-------- INPUT DATA

(* Let $G$ be a board that is symmetric under reflection across some line, with no edges lying along that axis of symmetry and at most one edge crossing that axis. If no edge crosses the axis of symmetry, then Player~2 has a winning strategy in the Game of Cycles on $G$. If a single edge crosses the axis of symmetry, then Player~1 has a winning strategy.
   Context: The Game of Cycles. A board is a simple connected planar graph embedded in the plane, together with its bounded cells; here the embedded board is invariant under reflection across a line. Two players alternate turns; on a turn a player marks one unmarked edge with an arrow pointing along the edge in one of its two directions. Each edge receives at most one arrow, and arrows have the same effect regardless of who placed them. Moves must obey the sink-source rule: no move may create a sink (a vertex all of whose incident edges are marked with arrows pointing toward it) or a source (a vertex all of whose incident edges are marked with arrows pointing away from it). A player who has a legal move must make one. A cycle cell is a bounded cell all of whose boundary edges are marked with arrows all cycling in the same direction around that cell. The first player to create a cycle cell wins; if play ends (no legal move remains) without a cycle cell, the player who made the last move wins. A winning strategy guarantees a win regardless of the opponent's moves. *)

(* Boards are encoded as plane combinatorial maps (rotation systems). *)
From mathcomp Require Import all_boot fingroup perm.
Set Implicit Arguments. Unset Strict Implicit. Unset Printing Implicit Defensive.

(* A board is given by:
   - a finite type D of darts (half-edges, i.e. oriented edges);
   - alpha : the fixed-point-free involution sending a dart to its reverse
     (the edge of d is {d, alpha d}; d goes from tail(d) to tail(alpha d));
   - rho   : the rotation; the vertices are the rho-orbits, the rho-orbit of d
     being the set of darts whose tail is that vertex (counterclockwise order);
   - faces : the orbits of phi := fun d => rho (alpha d) (boundary walks of the
     cells, all traversed in the same rotational sense);
   - outer : a dart of the unbounded face; the bounded cells are the other faces. *)

Section Board.
Variables (D : finType) (alpha rho : {perm D}) (outer : D).

Definition phi (d : D) : D := rho (alpha d).

Definition plane_board : Prop :=
  [/\ (forall d, alpha (alpha d) = d) /\ (forall d, alpha d != d),
      (forall x y : D, connect (fun u v => (v == alpha u) || (v == rho u)) x y),
      (* genus 0 (Euler's formula V - E + F = 2, faces including the outer one) *)
      fcard rho D + fcard phi D = #|D| %/ 2 + 2,
      (* no loops *)
      (forall d, ~~ fconnect rho d (alpha d)) &
      (* no multiple edges *)
      (forall d d', fconnect rho d d' -> fconnect rho (alpha d) (alpha d') -> d = d')].

(* tau is a reflection symmetry of the plane board: an involutive,
   orientation-reversing automorphism of the map preserving the unbounded face. *)
Definition reflection_symmetry (tau : {perm D}) : Prop :=
  [/\ (forall d, tau (tau d) = d),
      (forall d, tau (alpha d) = alpha (tau d)),
      (forall d, rho (tau (rho d)) = tau d) &
      (* tau maps the face of d onto the face of alpha (tau d); it fixes the outer face *)
      fconnect phi outer (alpha (tau outer))].

(* Game positions: M is the set of darts d whose edge carries an arrow from
   tail(d) to tail(alpha d). *)

Definition has_sink_or_source (M : {set D}) : bool :=
  [exists x, [forall y, fconnect rho x y ==> (alpha y \in M)]
          || [forall y, fconnect rho x y ==> (y \in M)]].

Definition legal (M : {set D}) (d : D) : bool :=
  [&& d \notin M, alpha d \notin M & ~~ has_sink_or_source (d |: M)].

----------------

→ ASSIGNED TASK
Transcribe exactly the lines from the one containing "fconnect phi outer" through the end of the records, both included, and nothing else.

→ RESPONSE TO THE EXERCISE
      fconnect phi outer (alpha (tau outer))].

(* Game positions: M is the set of darts d whose edge carries an arrow from
   tail(d) to tail(alpha d). *)

Definition has_sink_or_source (M : {set D}) : bool :=
  [exists x, [forall y, fconnect rho x y ==> (alpha y \in M)]
          || [forall y, fconnect rho x y ==> (y \in M)]].

Definition legal (M : {set D}) (d : D) : bool :=
  [&& d \notin M, alpha d \notin M & ~~ has_sink_or_source (d |: M)].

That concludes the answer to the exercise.